Rorate Caeli

Fontgombault: A Sermon for Saint Benedict
- and the memory of Petrus a Stella, Founder.
"Are you an aqueduct of God's grace ?"

The Loire river - Fleury Abbey in the background

Sometime in the 7th century, the relics of Saint Benedict were translated from Monte Cassino to a monastery by the Loire, the Abbey of Saint Benedict upon the Loire (Saint-Benoît-sur-Loire), better known as Fleury Abbey. (There are some who say that the relics actually remained at Monte Cassino, but that is a matter for another day.)

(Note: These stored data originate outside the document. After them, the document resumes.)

(* Let $\rho$ be a density matrix on $\mathbb{C}^d$ and $H$ a Hermitian operator on $\mathbb{C}^d$, with $F_Q>0$. Then for all $n=1,2,\dots$, $$\frac{\left|B_n^{(\mathsf{Kry})}-F_Q\right|}{F_Q}\le\frac{\left|B_{2n-1}^{(\mathsf{Tay})}-F_Q\right|}{F_Q}.$$
   Context: Write $\rho=\sum_k p_k|k\rangle\langle k|$ (spectral decomposition). The quantum Fisher information is $F_Q=2\sum_{k,l:\,p_k+p_l>0}\frac{(p_k-p_l)^2}{p_k+p_l}|\langle k|H|l\rangle|^2$. Let $\mathcal{X}$ be the real space of Hermitian operators $X$ with $\langle k|X|l\rangle=0$ whenever $p_k=p_l=0$, with inner product $\langle X,Y\rangle_\rho=\mathrm{tr}[\rho(XY+YX)/2]$ and norm $\|X\|_\rho=\sqrt{\langle X,X\rangle_\rho}$. Let $\mathcal{R}_\rho(X)=\frac12(\rho X+X\rho)$ and let $L\in\mathcal{X}$ be the unique solution of $\mathcal{R}_\rho(L)=i[\rho,H]$ (the SLD; $F_Q=\|L\|_\rho^2$). Let $\mathcal{K}_n=\mathrm{span}\{\mathcal{R}_\rho^{k}(i[\rho,H]):k=0,\dots,n-1\}$, let $L_n$ be the $\langle\cdot,\cdot\rangle_\rho$-orthogonal projection of $L$ onto $\mathcal{K}_n$, and $B_n^{(\mathsf{Kry})}=\|L_n\|_\rho^2$ (the $n$-th Krylov bound). The $m$-th Taylor bound is $$B_m^{(\mathsf{Tay})}=2\,\mathrm{tr}\Big(\sum_{l=0}^{m}(\rho\otimes\mathbb{1}-\mathbb{1}\otimes\rho)^2(\mathbb{1}\otimes\mathbb{1}-\rho\otimes\mathbb{1}-\mathbb{1}\otimes\rho)^l\,S\,(H\otimes H)\Big),$$ where $\mathbb{1}$ is the identity on $\mathbb{C}^d$ and $S$ is the swap operator on $\mathbb{C}^d\otimes\mathbb{C}^d$. *)

(* Complex numbers: an arbitrary numClosedFieldType C
   (e.g. complex R for a real-closed / real field R). *)
From HB Require Import structures.
From mathcomp Require Import all_boot all_order all_algebra.
From mathcomp Require Import sesquilinear spectral mxtens.
Set Implicit Arguments. Unset Strict Implicit. Unset Printing Implicit Defensive.
Import Order.TTheory GRing.Theory Num.Theory.
Local Open Scope ring_scope.
Local Open Scope sesquilinear_scope.

Section QFI.
Variables (C : numClosedFieldType) (d : nat).

Definition adjmx (A : 'M[C]_d) : 'M[C]_d := A ^t*.

Definition density_matrix (rho : 'M[C]_d) : Prop :=
  rho \is hermsymmx /\
  (forall v : 'rV[C]_d, 0 <= (v *m rho *m v ^t*) 0 0) /\
  \tr rho = 1.

Definition is_hermitian (A : 'M[C]_d) : Prop := A \is hermsymmx.

(* Spectral decomposition rho = sum_k p_k |k><k| : the rows of the unitary U
   are the bras <k|, p_k are real (the eigenvalues). *)
Definition spectral_decomposition (rho U : 'M[C]_d) (p : 'I_d -> C) : Prop :=
  U \is unitarymx /\ (forall k, p k \is Num.real) /\
  rho = U ^t* *m diag_mx (\row_k p k) *m U.

Definition mel (U X : 'M[C]_d) (k l : 'I_d) : C := (U *m X *m U ^t*) k l.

In any event, the date of definitive placement of the relics at Fleury, July 11 (653? 655? 660?), became a second feast of Saint Benedict for all his sons and daughters - a Saint Benedict of summer, so the Patriarch could be festively celebrated, which cannot happen on the date of his death (Transitus, March 21), due to Lent or holy week. Both dates were always celebrated by Benedictines, while in the general Roman Calendar the remaining date was that of March. In the pauline calendar, the "Solemnity" of Saint Benedict was transferred from March 21 to July 11. Both dates, Transitus and Translation of Relics, are, for Benedictines, thoroughly traditional feasts.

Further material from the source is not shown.